PURPOSE:To easily detect the position of a work even when the ratio of the work size and work interval is large by positioning a corner part of the work almost at the center part of the image pickup field of a television camera when images of plural rectangular works of specific size arrayed almost in a line is picked up by the television camera. CONSTITUTION:An image of one corner part of a pellet 1a is picked up, an XYtheta table is rotated so that two adjacent sides of the corner part is parallel to reference lines on the XYtheta table, and the X and Y directional arrays of the pellet 1a are specified, thereby finding the positions x6 and y5 of the one corner part C. Then, the size (l) of the pellet 1a is already known, so the center positions x6 and y6 of the pellet 1a are found; and the center positions x0 and y0 of the image pickup visual field are already known, so the positions are corrected by (x0-x6) in the X direction and by (y0-y6) in the Y direction, so that the center of the pellet 1a comes onto the takeout position (x0, y0). Then, the position of the pellet 1a is detected to take out the pellet 1a and the table is moved so that a corner part of a pellet expected to be taken out next is almost at the center part of the image pickup field.

Description

DETAILED DESCRIPTION OF THE INVENTION Field of Industrial Application The present invention supports, for example, workpiece semiconductor berets and feet arranged at substantially constant intervals in orthogonal directions so as to be movable in the X and Y directions, and the semiconductor beret at the take-out position is The present invention relates to a method of detecting the position of a workpiece by capturing an image with a camera and calculating the center position of the workpiece from the captured image data.

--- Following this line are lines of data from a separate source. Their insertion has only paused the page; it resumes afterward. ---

(* Let $C<\infty$, let $(z_i)$ be a bimonotone basis of a Banach space, and let $(w_i)$ be a block basis of $(z_i)$ with $1\le\|w_i\|\le C$ for all $i$. Let $\mathcal{A}$ be the family of finite sets $F\subseteq\mathbb{N}$ such that $\|\sum_{i\in F}\pm w_i\|\le C$ for all choices of signs. Then there is a norm $|\cdot|$ on $[(w_i)]$ equivalent to the original norm such that $(w_i)$ is a normalized bimonotone basis for $|\cdot|$ and $|\sum_{i\in F}\pm w_i|=1$ for every $F\in\mathcal{A}$ and every choice of signs.
   Context: A basis is bimonotone if all its basis projections $P_{[m,n]}$ onto intervals of coordinates have norm at most $1$. $[(w_i)]$ denotes the closed linear span. *)

From HB Require Import structures.
From mathcomp Require Import all_boot all_order all_algebra.
From mathcomp Require Import finmap.
From mathcomp Require Import all_classical all_reals all_analysis.
Set Implicit Arguments. Unset Strict Implicit. Unset Printing Implicit Defensive.
Import Order.TTheory GRing.Theory Num.Theory.
Import numFieldNormedType.Exports.
Local Open Scope classical_set_scope.
Local Open Scope ring_scope.

Definition series_to {R : realType} {V : normedModType R}
  (a : nat -> R) (z : nat -> V) (x : V) : Prop :=
  (fun n : nat => \sum_(i < n) a i *: z i) @ \oo --> x.

Definition is_basis {R : realType} {V : normedModType R} (z : nat -> V) : Prop :=
  forall x : V, exists! a : nat -> R, series_to a z x.

Definition bimonotone {R : realType} {V : normedModType R} (z : nat -> V) : Prop :=
  forall (x : V) (a : nat -> R), series_to a z x ->
  forall m n : nat, (m <= n)%N ->
    `| \sum_(m <= i < n.+1) a i *: z i | <= `|x|.

Definition block_basis_of {R : realType} {V : normedModType R}
  (w z : nat -> V) : Prop :=
  exists (p : nat -> nat) (b : nat -> R),
    (forall i, (p i < p i.+1)%N) /\
    (forall i, w i = \sum_(p i <= j < p i.+1) b j *: z j) /\
    (forall i, w i != 0).

Definition closed_span {R : realType} {V : normedModType R} (w : nat -> V) : set V :=
  closure [set x | exists (n : nat) (a : nat -> R), x = \sum_(i < n) a i *: w i].

Definition signed_sum {R : realType} {V : normedModType R}
  (w : nat -> V) (F : {fset nat}) (s : nat -> bool) : V :=
  \sum_(i <- F) ((-1) ^+ s i : R) *: w i.

Definition is_norm_on {R : realType} {V : normedModType R}
  (W : set V) (N : V -> R) : Prop :=
  (forall x, W x -> 0 <= N x) /\
  (forall x, W x -> N x = 0 -> x = 0) /\
  (forall x y, W x -> W y -> N (x + y) <= N x + N y) /\
  (forall (c : R) x, W x -> N (c *: x) = `|c| * N x).

Definition equiv_norm_on {R : realType} {V : normedModType R}
  (W : set V) (N : V -> R) : Prop :=
  exists c1 c2 : R, 0 < c1 /\ 0 < c2 /\
    forall x, W x -> c1 * `|x| <= N x /\ N x <= c2 * `|x|.

Definition series_to_N {R : realType} {V : normedModType R} (N : V -> R)
  (a : nat -> R) (z : nat -> V) (x : V) : Prop :=
  (fun n : nat => N (x - \sum_(i < n) a i *: z i)) @ \oo --> (0 : R).

From HB Require Import structures.
From mathcomp Require Import all_boot all_order all_algebra.
From mathcomp Require Import finmap.
From mathcomp Require Import all_classical all_reals all_analysis.
From mathcomp Require Import ring.
Import Order.TTheory GRing.Theory Num.Theory.
Import numFieldNormedType.Exports.
Local Open Scope classical_set_scope.
Local Open Scope ring_scope.

(* Let P_[m,n) be the basis projections of (z_i) and p_i the first coordinate
   of the i-th block.  The new norm of x is the supremum of
   ||P_[p_i,p_k) x|| / C over all block intervals and of
   ||P_[p_i,p_i+1) x|| / ||w_i|| over single blocks.  Bimonotonicity of (z_i)
   makes it at most ||x||; on [(w_i)] every P_[p_i,p_i+1) x is a multiple of
   w_i, so the expansion of x along (w_i) is recovered from the block
   projections, and ||x|| <= C |x|.  Composing a block projection with another
   one gives a block projection, so (w_i) is bimonotone for |.|.  For F in the
   family A, a block interval projection of a signed sum over F is a signed
   sum over a subset of F, which has norm at most C because twice it is the
   sum of two signed sums over F; a single block of F contributes exactly 1. *)

Lemma closed_span_kernel {R : realType} {V W : normedModType R} {w : nat -> V}
    (f : {linear V -> W}) (K : R) :
  0 < K -> (forall x, `|f x| <= K * `|x|) -> (forall i, f (w i) = 0) ->
  forall x, closed_span w x -> f x = 0.
Proof.
move=> K_gt0 fK fw0 x wx; apply/eqP; rewrite -normr_le0.
apply/ler_addgt0Pr => e e_gt0; rewrite add0r.
have [_ [[n [a ->]] /=]] := wx _ (nbhsx_ballx x (e / K) (divr_gt0 e_gt0 K_gt0)).
rewrite -ball_normE /= => xy.
have f_span : f (\sum_(i < n) a i *: w i) = 0.
  by rewrite linear_sum big1 // => i _; rewrite linearZ /= fw0 scaler0.
rewrite -[x](subrK (\sum_(i < n) a i *: w i)) linearD /= f_span addr0.
by rewrite (le_trans (fK _)) // -ler_pdivlMl // mulrC ltW.
Qed.

Lemma norm_signed_sum_mask {R : realType} {V : normedModType R} (w : nat -> V)
    (C : R) (F : {fset nat}) (P : pred nat) :
  (forall s, `|signed_sum w F s| <= C) ->
  forall s, `|signed_sum (fun l => if P l then w l else 0) F s| <= C.
Proof.
move=> wC s; pose t l := if P l then s l else ~~ s l.
(* Off P the signs s and t are opposite and cancel; on P they agree. *)
have twice : 2 *: signed_sum (fun l => if P l then w l else 0) F s =
    signed_sum w F s + signed_sum w F t.
  rewrite /signed_sum scaler_sumr -big_split; apply: eq_bigr => l _ /=.
  rewrite /t; case: (P l); first by rewrite scaler_nat mulr2n.
  by case: (s l); rewrite /= !scaler0 ?expr0 ?expr1 ?scaleN1r scale1r ?addNr ?subrr.
have := ler_normD (signed_sum w F s) (signed_sum w F t).
rewrite -twice normrZ ger0_norm // => /le_trans/(_ (lerD (wC s) (wC t))).
by rewrite -mulr2n -[C *+ 2]mulr_natl ler_pM2l.
Qed.

Section SchauderBasis.
Context {R : realType} {V : normedModType R} {z : nat -> V}.

Lemma series_to_linear c (a a' : nat -> R) x y :
  series_to a z x -> series_to a' z y ->
  series_to (fun i => c * a i + a' i) z (c *: x + y).
Proof.
move=> ax ay; rewrite /series_to.
have -> : (fun n => \sum_(i < n) (c * a i + a' i) *: z i) =
    (fun n => c *: \sum_(i < n) a i *: z i + \sum_(i < n) a' i *: z i).
  apply: funext => n; rewrite scaler_sumr -big_split /=.
  by apply: eq_bigr => i _; rewrite scalerDl scalerA.
exact: cvgD (cvgZr ax) ay.
Qed.

Hypothesis basis_z : is_basis z.

Definition coef (x : V) : nat -> R := projT1 (cid (basis_z x)).

Lemma coefP x : series_to (coef x) z x.
Proof. exact: (projT2 (cid (basis_z x))).1. Qed.

Lemma coef_unique x a : series_to a z x -> coef x = a.
Proof. exact: (projT2 (cid (basis_z x))).2. Qed.

Lemma coef_inj : injective coef.
Proof. by move=> x y cxy; have := coefP y; rewrite -cxy; exact: cvg_unique (coefP x). Qed.

Lemma coef_linear c x y : coef (c *: x + y) = fun i => c * coef x i + coef y i.
Proof. by apply: coef_unique; apply: series_to_linear; apply: coefP. Qed.

Lemma coef_sum m n (c : nat -> R) :
  coef (\sum_(m <= j < n) c j *: z j) = fun j => if (m <= j < n)%N then c j else 0.
Proof.
apply: coef_unique; apply: cvg_near_cst; near=> k.
have nk : (n <= k)%N by near: k; apply: nbhs_infty_ge.
rewrite (big_nat_widenl _ 0) // (big_nat_widen _ _ k) // big_mkcond big_mkord.
by apply: eq_bigr => j _; rewrite andbC; case: ifP; rewrite ?scale0r.
Unshelve. all: by end_near. Qed.

Lemma coef0 : coef 0 = fun=> 0.
Proof. by have := coef_sum 0 0 (fun=> 0); rewrite big_geq. Qed.

Lemma basis_neq0 j : z j != 0.
Proof.
apply/eqP => zj0; have := coef_sum j j.+1 (fun=> 1).
rewrite big_nat1 scale1r zj0 coef0 => /(congr1 (fun c => c j)).
by rewrite leqnn ltnSn => /esym/eqP; rewrite oner_eq0.
Qed.

Definition proj m n x := \sum_(m <= j < n) coef x j *: z j.

Lemma coef_proj m n x :
  coef (proj m n x) = fun j => if (m <= j < n)%N then coef x j else 0.
Proof. exact: coef_sum. Qed.

Lemma proj_is_linear m n : linear (proj m n).
Proof.
move=> c x y; rewrite /proj coef_linear scaler_sumr -big_split.
by apply: eq_bigr => j _; rewrite scalerDl scalerA.
Qed.

HB.instance Definition _ m n :=
  GRing.isLinear.Build R V V *:%R (proj m n) (proj_is_linear m n).

Lemma proj_proj a b m n x : proj a b (proj m n x) = proj (maxn a m) (minn b n) x.
Proof.
apply: coef_inj; rewrite !coef_proj; apply: funext => j; rewrite geq_max leq_min.
by case: (a <= j)%N; case: (m <= j)%N; case: (j < b)%N; case: (j < n)%N.
Qed.

Lemma proj_cat a b c x : (a <= b <= c)%N -> proj a b x + proj b c x = proj a c x.
Proof. by case/andP=> ab bc; rewrite /proj -big_cat_nat. Qed.

Lemma proj_ge m n x : (n <= m)%N -> proj m n x = 0.
Proof. by move=> nm; rewrite /proj big_geq. Qed.

Lemma proj_nat1 j x : proj j j.+1 x = coef x j *: z j.
Proof. by rewrite /proj big_nat1. Qed.

Lemma proj0_cvg x : (fun n => proj 0 n x) @ \oo --> x.
Proof.
have -> : (fun n => proj 0 n x) = fun n => \sum_(j < n) coef x j *: z j.
  by apply: funext => n; rewrite /proj big_mkord.
exact: coefP.
Qed.

Hypothesis bimonotone_z : bimonotone z.

Lemma norm_proj_le m n x : `|proj m n x| <= `|x|.
Proof.
case: n => [|n]; first by rewrite proj_ge // normr0.
have [mn|nm] := leqP m n; first exact: bimonotone_z (coefP x) _ _ mn.
by rewrite proj_ge // normr0.
Qed.

Lemma norm_coef_le j x : `|coef x j| * `|z j| <= `|x|.
Proof. by rewrite -normrZ -proj_nat1 norm_proj_le. Qed.

End SchauderBasis.

Section BlockBasis.
Context {R : realType} {V : normedModType R} {z w : nat -> V}.
Context {p : nat -> nat} {b : nat -> R}.
Hypotheses (basis_z : is_basis z) (bimonotone_z : bimonotone z).
Hypothesis p_incr : forall i, (p i < p i.+1)%N.
Hypothesis w_def : forall i, w i = \sum_(p i <= j < p i.+1) b j *: z j.

Local Notation coef := (coef basis_z).
Local Notation proj := (proj basis_z).

Let leq_p : {mono p : m n / (m <= n)%N} := leq_mono (homo_ltn ltn_trans p_incr).
Let ltn_p : {mono p : m n / (m < n)%N} := leqW_mono leq_p.

Lemma leq_block_start n : (n <= p n)%N.
Proof. by elim: n => // n IHn; apply: leq_ltn_trans IHn (p_incr n). Qed.

Lemma block_support i : w i != 0 -> exists j, (p i <= j < p i.+1)%N /\ b j != 0.
Proof.
move=> wi_neq0; apply: contrapT => no_j; move: wi_neq0.
rewrite w_def big1_seq ?eqxx // => j /=; rewrite mem_index_iota => j_in.
have [-> | bj_neq0] := eqVneq (b j) 0; first by rewrite scale0r.
by exfalso; apply: no_j; exists j.
Qed.

Lemma coef_block l : coef (w l) = fun j => if (p l <= j < p l.+1)%N then b j else 0.
Proof. by rewrite w_def coef_sum. Qed.

Lemma coef_block_at l i j : (p i <= j < p i.+1)%N -> coef (w l) j = if l == i then b j else 0.
Proof.
case/andP=> ij ji; rewrite coef_block; have [-> | li] := eqVneq l i; first by rewrite ij ji.
apply/ifF/negbTE; apply: contra li => /andP[lj jl].
by rewrite eqn_leq -ltnS -ltn_p (leq_ltn_trans lj ji) -ltnS -ltn_p (leq_ltn_trans ij jl).
Qed.

Lemma proj_block i k l : proj (p i) (p k) (w l) = if (i <= l < k)%N then w l else 0.
Proof.
apply: (coef_inj basis_z); rewrite coef_proj (fun_if coef) coef0 coef_block.
apply: funext => j; have [/andP[lj jl] | jNl] := boolP (p l <= j < p l.+1)%N; last first.
  by rewrite if_same; case: (i <= l < k)%N; rewrite /= ?(negbTE jNl).
have -> : (p i <= j)%N = (i <= l)%N.
  apply/idP/idP => [ij | il]; first by rewrite -ltnS -ltn_p (leq_ltn_trans ij jl).
  by rewrite (leq_trans _ lj) ?leq_p.
have -> : (j < p k)%N = (l < k)%N.
  apply/idP/idP => [jk | lk]; first by rewrite -ltn_p (leq_ltn_trans lj jk).
  by rewrite (leq_trans jl) ?leq_p.
by case: ifP => //= _; rewrite lj jl.
Qed.

Lemma proj_block_sum (a : nat -> R) i n : (i < n)%N ->
  proj (p i) (p i.+1) (\sum_(l < n) a l *: w l) = a i *: w i.
Proof.
move=> i_lt_n; rewrite linear_sum.
under eq_bigr => l _ do
  rewrite linearZ /= proj_block ltnS -eqn_leq eq_sym (fun_if ( *:%R (a l))) scaler0.
by rewrite -big_mkcond (big_ord1_eq _ (fun l => a l *: w l)) i_lt_n.
Qed.

Lemma proj_signed_sum i k F s : proj (p i) (p k) (signed_sum w F s) =
  signed_sum (fun l => if (i <= l < k)%N then w l else 0) F s.
Proof. by rewrite linear_sum; apply: eq_bigr => l _; rewrite linearZ /= proj_block. Qed.

Lemma proj_block_signed_sum i F s : proj (p i) (p i.+1) (signed_sum w F s) =
  if i \in F then (-1) ^+ s i *: w i else 0.
Proof.
rewrite proj_signed_sum /signed_sum.
under eq_bigr => l _ do rewrite ltnS -eqn_leq eq_sym (fun_if ( *:%R _)) scaler0.
rewrite -big_mkcond; case: ifP => iF.
  by rewrite -big_filter filter_pred1_uniq ?fset_uniq // big_seq1.
rewrite big_seq_cond big1 // => l /andP[lF /eqP li].
by move: iF; rewrite -li lF.
Qed.

Lemma proj_telescope m n x : (m <= n)%N ->
  \sum_(m <= i < n) proj (p i) (p i.+1) x = proj (p m) (p n) x.
Proof.
elim: n => [|n IHn]; first by rewrite leqn0 => /eqP ->; rewrite big_geq // proj_ge.
rewrite leq_eqVlt => /predU1P [-> | mn]; first by rewrite big_geq // proj_ge.
by rewrite big_nat_recr //= IHn // proj_cat // !leq_p leqnSn andbT -ltnS.
Qed.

BACKGROUND ART In the process of manufacturing semiconductor devices, a single wafer is divided into individual semiconductor chips and chips, which are taken out one by one and mounted on a substrate.

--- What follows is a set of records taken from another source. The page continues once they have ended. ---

Lemma inR_apery t : t 0 = 0 -> inR b n t ->
  inApery (inT b n) M (wsum n.+2 t (sgen b n)).
Proof.
move=> t0 tR; split; first exact: inT_wsum.
move=> [M_le /inT_wsum_seq[c ec]].
have [adm _ _] := (inR_admissible b n t0).1 tR.
have [k [Ec Yt]] : exists k,
    wsum_seq c (repunit b) = wsum n.+2 t (repunit b) + k * M /\
    wsum n.+2 t (expn b) = wsum_seq c (expn b) + 1 + (b - 1) * k.
  apply: coprime_lincomb_eq sgen0_gt0 (coprime_sgen0 n b_gt0) (inR_repunit_lt t0 tR) _.
  by move: ec M_le; rewrite !wsum_sgen mulnDr; lia.
have Nt := wsum_expn_repunit n.+2 t b_gt0.
have Nc := wsum_expn_repunit (size c) (nth 0 c) b_gt0.
case: k Ec Yt => [|k] Ec Yt.
  have ev : wsum_seq c (expn b) + 1 = wsum n.+2 t (expn b) by rewrite Yt muln0 addn0.
  by have := admissible0_digit_sum_pred b_gt1 adm t0 ev; lia.
have Nt_big : wsum n.+2 t (fun=> 1) =
    wsum_seq c (fun=> 1) + 1 + (b - 1) * k.+1 * (M + 1) by nia.
have := wsum_ones_le (fun i (i_lt : i < n.+2) => (adm i i_lt).1).
have := digit_bound_sgen0.
nia.
Qed.

Lemma apery_inR x : inApery (inT b n) M x ->
  exists2 t, t 0 = 0 /\ inR b n t & x = wsum n.+2 t (sgen b n).
Proof.
move=> xA; have [c ec] := (inT_wsum_seq b n x).1 xA.1.
have [t [t0 tR] tE] := inR_repunit_surj (ltn_pmod (wsum_seq c (repunit b)) sgen0_gt0).
exists t => //; apply: apery_eq_mod (@inT_add_sgen0 b n) xA (inR_apery t0 tR) _.
by rewrite ec !wsum_sgen tE ![M * _]mulnC !modnMDl modnMmr.
Qed.

End AperySet.
(* In the setting of ONES (step $\theta>0$, $\widetilde w_1\in\triangle^n$ with positive entries, arbitrary $\ell_t,\widehat\ell_t\in\mathbb R^{n+1}$, updates $\widetilde w_{t+1}=\mathscr N(\widetilde w_t\circ e^{-\theta\ell_t})$, $w_{t+1}=\mathscr N(\widetilde w_{t+1}\circ e^{-\theta\widehat\ell_{t+1}})$), for every $T\ge1$ and every $w\in\triangle^n$, $$\sum_{t=1}^T\langle \ell_t,w_t-w\rangle\le \frac1\theta\sum_i w(i)\ln\frac{w(i)}{\widetilde w_1(i)}+\frac\theta2\sum_{t=1}^T h_{\|\ell_t\|_\infty}\big(\|\ell_t-\widehat\ell_t\|_\infty\big),$$ where $h_\sigma(\delta)=\delta^2-(|\delta|-|\sigma|)_+^2$.
   Context: $\triangle^n=\{w\in\mathbb R_+^{n+1}:\|w\|_1=1\}$; $\circ$ is the Hadamard product; $\mathscr N(u)=u/\|u\|_1$; $w_1=\mathscr N(\widetilde w_1\circ e^{-\theta\widehat\ell_1})$; $(a)_+=\max\{a,0\}$; $0\ln0=0$. *)

From HB Require Import structures.
From mathcomp Require Import all_boot all_order all_algebra.
From mathcomp Require Import all_classical all_reals all_analysis.
Set Implicit Arguments. Unset Strict Implicit. Unset Printing Implicit Defensive.
Import Order.TTheory GRing.Theory Num.Theory.
Local Open Scope ring_scope.

Section ONES.
Variables (R : realType) (n : nat).

Definition vec := 'I_n.+1 -> R.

Here, each of the divided semiconductor chips and chips is slightly misaligned, so if you place them on the board as they are, the electrode positions on the chips and chips will shift by a wide range during wire bonding, and bonding will occur. Since this may not be possible, the position of the pellet is detected when the pellet is taken out, and the position is corrected when the pellet is taken out to minimize misalignment on the board.

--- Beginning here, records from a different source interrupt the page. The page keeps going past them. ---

(* Let $p_S$ be the critical probability of bond percolation on the non-p.c.f. Sierpinski gasket $S$, as defined in the context. Then $p_S<0.282$.
   Context: Non-p.c.f. Sierpinski gasket: $S_0$ is the triangle $\{v_0,v_1,v_2\}$ with its three edges. $S_n$ is obtained from $S_{n-1}$ by replacing each triangle $\{x,y,z\}$ of $S_{n-1}$, together with its own three edges, by new vertices $m_{xy},m_{yz},m_{zx},c$ belonging only to this triangle and the six triangles $\{x,m_{xy},c\},\{m_{xy},y,c\},\{y,m_{yz},c\},\{m_{yz},z,c\},\{z,m_{zx},c\},\{m_{zx},x,c\}$, each carrying its own three edges. Thus distinct triangles have disjoint edge sets and parallel edges occur. For example, $S_1$ has the $6$ outer edges once and each of the $6$ segments from the center $c$ to the outer vertices doubled. $S$ denotes the limiting graph. Bond percolation with parameter $p$: each edge receives an i.i.d. uniform $[0,1]$ label $\omega(e)$ and is open if $\omega(e)<p$. Define $p_S=\sup\{p\in[0,1]:\mathbb{P}_p(\text{there is an open path from } v_0 \text{ to } v_1 \text{ in } S_n)\to 0 \text{ as } n\to\infty\}$. *)

From HB Require Import structures.
From mathcomp Require Import all_boot all_order all_algebra.
From mathcomp Require Import all_classical all_reals all_analysis.
From Stdlib Require Import Relations.
Set Implicit Arguments. Unset Strict Implicit. Unset Printing Implicit Defensive.
Import Order.TTheory GRing.Theory Num.Theory.
Local Open Scope classical_set_scope.
Local Open Scope ring_scope.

Here, a method for detecting the position of the pellet will be explained with reference to FIGS. 4 to 6. In the figure, 1 is a semiconductor bevel and throat, which cuts the semiconductor wafer stuck on a sheet z at predetermined intervals in the orthogonal direction, and a cylindrical holding ring 3 stretches the sheet 2. This is supported by a feeding device (xyθ table) (not shown) and sent in the direction in which the pellets 1 are lined up.
The center of the pellet 1 is detected by taking an image of the pellet 1 to be taken out and calculating the position of the pellet 1. The center of the pellet 1 is detected by the corelid 5 and supplied onto a substrate (not shown).

Incidentally, the image of the foot 1 is taken by the television camera 4 as shown in FIG. That is, even if the feeding device is partially pitch-feeded in order to take out one bere/lid and take out the next bere/y)la, the position of the bevel (y) on the sheet 2 will shift and it will be out of the effective field of view of the camera 4. Since there is a tendency for the berets to come off, the magnification is determined so that a portion of the berets 1b, ICs, etc. that are close to the beret 1a to be taken out can be placed in the center. The dotted line in the figure indicates the position of the pellet that has already been taken out.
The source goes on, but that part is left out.